(* Let $E$ be a graph satisfying Condition (K), and let $v\in E^0$ support at least two distinct return paths. Then the map $\mathbb{AP}(E)\to\mathbb{AP}(E_C^v)$ given by $(H,B)\mapsto(H,B)$ if $v\notin H$ and $(H,B)\mapsto(H\cup\{u_1,u_2\},B)$ if $v\in H$ is a well-defined order isomorphism.
   Context: A graph $E=(E^0,E^1,r,s)$ consists of countable sets $E^0$ (vertices) and $E^1$ (edges) and maps $r,s\colon E^1\to E^0$. A path is a finite sequence $\mu=e_1\cdots e_n$ ($n\ge1$) of edges with $r(e_i)=s(e_{i+1})$; $s(\mu)=s(e_1)$, $r(\mu)=r(e_n)$. Write $w\ge w'$ if there is a path from $w$ to $w'$. A return path is a path $\mu=e_1\cdots e_n$ with $s(\mu)=r(\mu)$ and $r(e_i)\neq r(\mu)$ for $i<n$; a vertex $w$ supports $\mu$ if $s(\mu)=w$. $E$ satisfies Condition (K) if no vertex supports precisely one return path. A vertex is regular if it emits a finite nonzero number of edges, and an infinite emitter if it emits infinitely many. A subset $K\subseteq E^0$ is hereditary if $w\in K$ and $w\ge w'$ imply $w'\in K$, and saturated if every regular vertex $w$ all of whose emitted edges have range in $K$ lies in $K$. For hereditary saturated $H$, $H_\infty^{\mathrm{fin}}$ is the set of infinite emitters in $E^0\setminus H$ emitting a finite nonzero number of edges with range in $E^0\setminus H$. An admissible pair is $(H,B)$ with $H$ hereditary and saturated and $B\subseteq H_\infty^{\mathrm{fin}}$; $\mathbb{AP}(E)$ denotes the set of admissible pairs, partially ordered by $(H,B)\le(H',B')$ iff $H\subseteq H'$ and $B\subseteq H'\cup B'$. The Cuntz Splice $E_C^v$ of $E$ at $v$ is the graph with vertex set $E^0\sqcup\{u_1,u_2\}$ and edge set $E^1\sqcup\{f_1,f_2,h_1,h_2,k_1,k_2\}$, old edges keeping range and source, with $f_1\colon v\to u_1$, $f_2\colon u_1\to v$, $h_1\colon u_1\to u_1$, $h_2\colon u_1\to u_2$, $k_1\colon u_2\to u_1$, $k_2\colon u_2\to u_2$ ($e\colon a\to b$ means $s(e)=a$, $r(e)=b$). *)

From Stdlib Require Import List.
Import ListNotations.


(* A graph E = (E^0, E^1, r, s). Countability is a separate predicate. *)
Record graph := Graph {
  vert : Type;
  edge : Type;
  rg : edge -> vert;
  sc : edge -> vert }.
Arguments rg {g} _.
Arguments sc {g} _.

Definition countable (T : Type) : Prop := exists f : T -> nat, forall x y, f x = f y -> x = y.
Definition countable_graph (E : graph) : Prop := countable (vert E) /\ countable (edge E).

Section G.
Variable E : graph.

Fixpoint chain (l : list (edge E)) : Prop :=
  match l with
  | e :: ((f :: _) as t) => rg e = sc f /\ chain t
  | _ => True
  end.

Definition path_from_to (mu : list (edge E)) (w w' : vert E) : Prop :=
  mu <> [] /\ chain mu /\
  (exists e t, mu = e :: t /\ sc e = w) /\
  (exists p e, mu = p ++ [e] /\ rg e = w').

Definition geq (w w' : vert E) : Prop := exists mu, path_from_to mu w w'.

Definition return_path (w : vert E) (mu : list (edge E)) : Prop :=
  path_from_to mu w w /\
  forall p e q, mu = p ++ e :: q -> q <> [] -> rg e <> w.

Definition condK : Prop :=
  forall w, ~ (exists mu, return_path w mu /\ forall nu, return_path w nu -> nu = mu).

Definition fin_edges (P : edge E -> Prop) : Prop :=
  exists l : list (edge E), forall e, P e -> In e l.

Definition regular (w : vert E) : Prop :=
  fin_edges (fun e => sc e = w) /\ exists e, sc e = w.

Definition infinite_emitter (w : vert E) : Prop :=
  ~ fin_edges (fun e => sc e = w).

Definition hereditary (K : vert E -> Prop) : Prop :=
  forall w w', K w -> geq w w' -> K w'.

Definition saturated (K : vert E -> Prop) : Prop :=
  forall w, regular w -> (forall e, sc e = w -> K (rg e)) -> K w.

Definition Hinf_fin (H : vert E -> Prop) (w : vert E) : Prop :=
  infinite_emitter w /\ ~ H w /\
  fin_edges (fun e => sc e = w /\ ~ H (rg e)) /\
  (exists e, sc e = w /\ ~ H (rg e)).

Definition admissible (H B : vert E -> Prop) : Prop :=
  hereditary H /\ saturated H /\ forall w, B w -> Hinf_fin H w.

Definition ap_le (H B H' B' : vert E -> Prop) : Prop :=
  (forall w, H w -> H' w) /\ (forall w, B w -> H' w \/ B' w).

End G.

Inductive newV := u1 | u2.
Inductive newE := f1 | f2 | h1 | h2 | k1 | k2.

Section Splice.
Variables (E : graph) (v : vert E).

Definition splice_r (e : edge E + newE) : vert E + newV :=
  match e with
  | inl e => inl (rg e)
  | inr f1 => inr u1 | inr f2 => inl v
  | inr h1 => inr u1 | inr h2 => inr u2
  | inr k1 => inr u1 | inr k2 => inr u2
  end.

Definition splice_s (e : edge E + newE) : vert E + newV :=
  match e with
  | inl e => inl (sc e)
  | inr f1 => inl v | inr f2 => inr u1
  | inr h1 => inr u1 | inr h2 => inr u1
  | inr k1 => inr u2 | inr k2 => inr u2
  end.

Definition cuntz_splice : graph :=
  @Graph (vert E + newV) (edge E + newE) splice_r splice_s.

Definition phiH (H : vert E -> Prop) (w : vert cuntz_splice) : Prop :=
  match w with
  | inl x => H x
  | inr _ => H v
  end.

Definition phiB (B : vert E -> Prop) (w : vert cuntz_splice) : Prop :=
  match w with
  | inl x => B x
  | inr _ => False
  end.

End Splice.

(** Hereditary sets are exactly the sets closed under single edges, and
    [u1], [u2] lie on a cycle through [v] in [E_C^v], so a hereditary set of
    the splice contains [u1], [u2] exactly when it contains [v]. Moreover
    [u1], [u2] are regular, and the only new edge leaving an old vertex is
    [f1 : v -> u1]; hence regularity, infinite emission, saturation and the
    sets [H_infty^fin] are the same computed in [E] or in [E_C^v]. The one
    place where [v] supporting a return path matters is saturation at [v]:
    if every edge out of [v] in the splice lands in a hereditary [K], then
    in particular the first edge of the return path does, and following the
    path back puts [v] in [K]. *)

From Stdlib Require Import List Classical.
Import ListNotations.

Section Graphs.
Variable g : graph.

Definition edge_closed (K : vert g -> Prop) : Prop :=
  forall e, K (sc e) -> K (rg e).

Lemma chain_edge_closed (K : vert g -> Prop) :
  edge_closed K ->
  forall t e, chain g (e :: t) -> K (rg e) -> forall f, In f (e :: t) -> K (rg f).
Proof.
  intros Kcl t; induction t as [|e' t IH]; intros e Hch Ke f Hf.
  - destruct Hf as [<-|[]]; exact Ke.
  - destruct Hch as [Hre Hch]; destruct Hf as [<-|Hf].
    + exact Ke.
    + apply (IH e' Hch); [apply Kcl; rewrite <- Hre; exact Ke | exact Hf].
Qed.

Lemma path_edge_closed (K : vert g -> Prop) mu w w' e t :
  edge_closed K -> path_from_to g mu w w' -> mu = e :: t -> K (rg e) -> K w'.
Proof.
  intros Kcl [_ [Hch [_ [p [e' [Hlast <-]]]]]] -> Ke.
  apply (chain_edge_closed K Kcl t e Hch Ke).
  rewrite Hlast; apply in_or_app; right; left; reflexivity.
Qed.

Lemma hereditary_edge_closed (K : vert g -> Prop) : hereditary g K <-> edge_closed K.
Proof.
  split.
  - intros Kher e Ke; apply (Kher (sc e)); [exact Ke|].
    exists [e]; repeat split.
    + discriminate.
    + exists e, []; auto.
    + exists [], e; auto.
  - intros Kcl w w' Kw [mu Hmu].
    pose proof Hmu as [_ [_ [[e [t [Het Hs]]] _]]].
    apply (path_edge_closed K mu w w' e t Kcl Hmu Het).
    apply Kcl; rewrite Hs; exact Kw.
Qed.

Lemma fin_edges_mono (P Q : edge g -> Prop) :
  fin_edges g P -> (forall e, Q e -> P e) -> fin_edges g Q.
Proof. intros [l Hl] HQP; exists l; auto. Qed.

Lemma return_path_cycle w mu :
  return_path g w mu ->
  exists e, sc e = w /\ forall K, edge_closed K -> K (rg e) -> K w.
Proof.
  intros [Hmu _].
  pose proof Hmu as [_ [_ [[e [t [Het Hs]]] _]]].
  exists e; split; [exact Hs|].
  intros K Kcl; exact (path_edge_closed K mu w w e t Kcl Hmu Het).
Qed.

End Graphs.

Section Splice.
Variables (E : graph) (v : vert E).

Notation EC := (cuntz_splice E v).

Definition lift_edges (P : edge E -> Prop) (e : edge EC) : Prop :=
  match e with inl e => P e | inr _ => True end.

Definition old_edges (e : edge EC) : list (edge E) :=
  match e with inl e => [e] | inr _ => [] end.

Lemma fin_edges_lift (P : edge E -> Prop) :
  fin_edges E P -> fin_edges EC (lift_edges P).
Proof.
  intros [l Hl]; exists (map inl l ++ map inr [f1; f2; h1; h2; k1; k2]).
  intros [e|n] He; apply in_or_app.
  - left; apply in_map, Hl, He.
  - right; destruct n; simpl; tauto.
Qed.

Lemma fin_edges_restrict (P : edge EC -> Prop) :
  fin_edges EC P -> fin_edges E (fun e => P (inl e)).
Proof.
  intros [l Hl]; exists (flat_map old_edges l).
  intros e He; apply in_flat_map; exists (inl e); simpl; auto.
Qed.

Lemma emitted_edges_lift x (e : edge EC) :
  sc e = inl x -> lift_edges (fun e' => sc e' = x) e.
Proof. destruct e as [e|[]]; simpl; [congruence | ..]; trivial. Qed.

Lemma infinite_emitter_splice x : infinite_emitter EC (inl x) <-> infinite_emitter E x.
Proof.
  unfold infinite_emitter; split; intros Hinf Hfin; apply Hinf.
  - apply (fin_edges_mono _ _ _ (fin_edges_lift _ Hfin)), emitted_edges_lift.
  - apply (fin_edges_mono _ _ _ (fin_edges_restrict _ Hfin)); simpl; congruence.
Qed.

Lemma regular_splice x : regular E x -> regular EC (inl x).
Proof.
  intros [Hfin [e He]]; split.
  - apply (fin_edges_mono _ _ _ (fin_edges_lift _ Hfin)), emitted_edges_lift.
  - exists (inl e); simpl; congruence.
Qed.

Lemma regular_splice_inv x : x <> v -> regular EC (inl x) -> regular E x.
Proof.
  intros Hxv [Hfin [[e|[]] He]]; simpl in He; try discriminate.
  - split; [|exists e; congruence].
    apply (fin_edges_mono _ _ _ (fin_edges_restrict _ Hfin)); simpl; congruence.
  - congruence.
Qed.

Lemma new_vertex_not_infinite_emitter u : ~ infinite_emitter EC (inr u).
Proof.
  intros Hinf; apply Hinf.
  exists (map inr [f2; h1; h2; k1; k2]).
  intros [e|[]] He; simpl in *; try discriminate; destruct u; try discriminate; tauto.
Qed.

Lemma phiH_edge_closed H : edge_closed E H -> edge_closed EC (phiH E v H).
Proof. intros Hcl [e|[]]; simpl; auto. Qed.

Lemma phiH_saturated H :
  edge_closed E H -> saturated E H -> saturated EC (phiH E v H).
Proof.
  intros Hcl Hsat [x|[]] Hreg Hall; simpl.
  - destruct (classic (x = v)) as [->|Hxv].
    + exact (Hall (inr f1) eq_refl).
    + apply Hsat; [exact (regular_splice_inv x Hxv Hreg)|].
      intros e He; exact (Hall (inl e) (f_equal inl He)).
  - exact (Hall (inr f2) eq_refl).
  - exact (Hall (inr k1) eq_refl).
Qed.

Lemma Hinf_fin_phiH H x : Hinf_fin E H x -> Hinf_fin EC (phiH E v H) (inl x).
Proof.
  intros [Hinf [Hx [Hfin [e [He HeH]]]]]; repeat split.
  - apply infinite_emitter_splice, Hinf.
  - exact Hx.
  - apply (fin_edges_mono _ _ _ (fin_edges_lift _ Hfin)).
    intros [e'|[]] [He' HeH']; simpl in *; try split; congruence.
  - exists (inl e); simpl; split; congruence.
Qed.

Lemma phi_admissible H B : admissible E H B -> admissible EC (phiH E v H) (phiB E v B).
Proof.
  intros [Hher [Hsat HB]].
  apply hereditary_edge_closed in Hher.
  split; [|split].
  - apply hereditary_edge_closed, phiH_edge_closed, Hher.
  - apply phiH_saturated; assumption.
  - intros [x|u] Hx; [apply Hinf_fin_phiH, HB, Hx | destruct Hx].
Qed.

Lemma phi_ap_le H B H' B' :
  ap_le E H B H' B' <-> ap_le EC (phiH E v H) (phiB E v B) (phiH E v H') (phiB E v B').
Proof.
  split; intros [HH' HB'].
  - split; intros [x|u]; simpl; auto; intros [].
  - split; intros x; [exact (HH' (inl x)) | exact (HB' (inl x))].
Qed.

Lemma phi_injective H B H' B' :
  (forall w, phiH E v H w <-> phiH E v H' w) ->
  (forall w, phiB E v B w <-> phiB E v B' w) ->
  (forall w, H w <-> H' w) /\ (forall w, B w <-> B' w).
Proof. intros HH' HB'; split; intros x; [exact (HH' (inl x)) | exact (HB' (inl x))]. Qed.

Definition restrictV (P : vert EC -> Prop) (x : vert E) : Prop := P (inl x).

Section Restriction.
Variables (e0 : edge E) (K : vert EC -> Prop).
Hypothesis e0_source : sc e0 = v.
Hypothesis e0_returns : forall K', edge_closed E K' -> K' (rg e0) -> K' v.
Hypothesis K_closed : edge_closed EC K.

Lemma restrict_edge_closed : edge_closed E (restrictV K).
Proof. intros e; exact (K_closed (inl e)). Qed.

Lemma restrict_saturated : saturated EC K -> saturated E (restrictV K).
Proof.
  intros Ksat x Hreg Hall; unfold restrictV.
  destruct (classic (x = v)) as [->|Hxv].
  - apply (e0_returns _ restrict_edge_closed), Hall, e0_source.
  - apply Ksat; [exact (regular_splice x Hreg)|].
    intros [e|[]] He; simpl in He; try discriminate.
    + apply Hall; congruence.
    + congruence.
Qed.

Lemma restrict_Hinf_fin x : Hinf_fin EC K (inl x) -> Hinf_fin E (restrictV K) x.
Proof.
  intros [Hinf [Hx [Hfin [e [He HeK]]]]]; repeat split.
  - apply infinite_emitter_splice, Hinf.
  - exact Hx.
  - apply (fin_edges_mono _ _ _ (fin_edges_restrict _ Hfin)); simpl.
    intros e' [He' HeK']; split; [congruence | exact HeK'].
  - destruct e as [e|[]]; simpl in He, HeK; try discriminate.
    + exists e; split; [congruence | exact HeK].
    + (* the witness is [f1], so [x = v] and [u1 ∉ K]; then also [rg e0 ∉ K] *)
      injection He as <-; exists e0; split; [exact e0_source|].
      intros He0; apply Hx, (e0_returns _ restrict_edge_closed), He0.
Qed.

Lemma phiH_restrict w : phiH E v (restrictV K) w <-> K w.
Proof.
  pose proof (K_closed (inr f1)) as Kf1; pose proof (K_closed (inr f2)) as Kf2.
  pose proof (K_closed (inr h2)) as Kh2; pose proof (K_closed (inr k1)) as Kk1.
  simpl in *; destruct w as [x|[]]; simpl; unfold restrictV; tauto.
Qed.

End Restriction.

Lemma restrict_admissible e0 K C :
  sc e0 = v -> (forall K', edge_closed E K' -> K' (rg e0) -> K' v) ->
  admissible EC K C -> admissible E (restrictV K) (restrictV C).
Proof.
  intros He0 Hret [Kher [Ksat KC]].
  apply hereditary_edge_closed in Kher.
  split; [|split].
  - apply hereditary_edge_closed, restrict_edge_closed, Kher.
  - apply (restrict_saturated e0); assumption.
  - intros x Hx; apply (restrict_Hinf_fin e0); auto.
Qed.

Lemma phiB_restrict K C : admissible EC K C -> forall w, phiB E v (restrictV C) w <-> C w.
Proof.
  intros [_ [_ KC]] [x|u]; simpl; [reflexivity|].
  split; [intros []|intros Hu].
  apply (new_vertex_not_infinite_emitter u), (KC _ Hu).
Qed.

End Splice.

Theorem proposition2p9 (E : graph) (v : vert E) :
  countable_graph E ->
  condK E ->
  (exists mu nu, return_path E v mu /\ return_path E v nu /\ mu <> nu) ->
  (* well-defined: the image of an admissible pair is admissible in E_C^v *)
  (forall H B, admissible E H B ->
     admissible (cuntz_splice E v) (phiH E v H) (phiB E v B)) /\
  (* order embedding: (H,B) <= (H',B') iff their images are comparable *)
  (forall H B H' B', admissible E H B -> admissible E H' B' ->
     (ap_le E H B H' B' <->
      ap_le (cuntz_splice E v) (phiH E v H) (phiB E v B) (phiH E v H') (phiB E v B'))) /\
  (* injective (sets compared extensionally) *)
  (forall H B H' B', admissible E H B -> admissible E H' B' ->
     (forall w, phiH E v H w <-> phiH E v H' w) ->
     (forall w, phiB E v B w <-> phiB E v B' w) ->
     (forall w, H w <-> H' w) /\ (forall w, B w <-> B' w)) /\
  (* surjective onto AP(E_C^v) *)
  (forall K C : vert (cuntz_splice E v) -> Prop,
     admissible (cuntz_splice E v) K C ->
     exists H B, admissible E H B /\
       (forall w, phiH E v H w <-> K w) /\ (forall w, phiB E v B w <-> C w)).
Proof.
  intros _ _ [mu [_ [Hmu _]]].
  destruct (return_path_cycle E v mu Hmu) as [e0 [He0 Hret]].
  split; [|split; [|split]].
  - apply phi_admissible.
  - intros H B H' B' _ _; apply phi_ap_le.
  - intros H B H' B' _ _; apply phi_injective.
  - intros K C HKC; exists (restrictV E v K), (restrictV E v C).
    split; [|split].
    + exact (restrict_admissible E v e0 K C He0 Hret HKC).
    + apply (phiH_restrict E v), hereditary_edge_closed, HKC.
    + exact (phiB_restrict E v K C HKC).
Qed.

────────

## Exercise directions
Throughout the material above, find lines holding the word "right", then copy them.

## Answer space
  rewrite Hlast; apply in_or_app; right; left; reflexivity.
  - right; destruct n; simpl; tauto.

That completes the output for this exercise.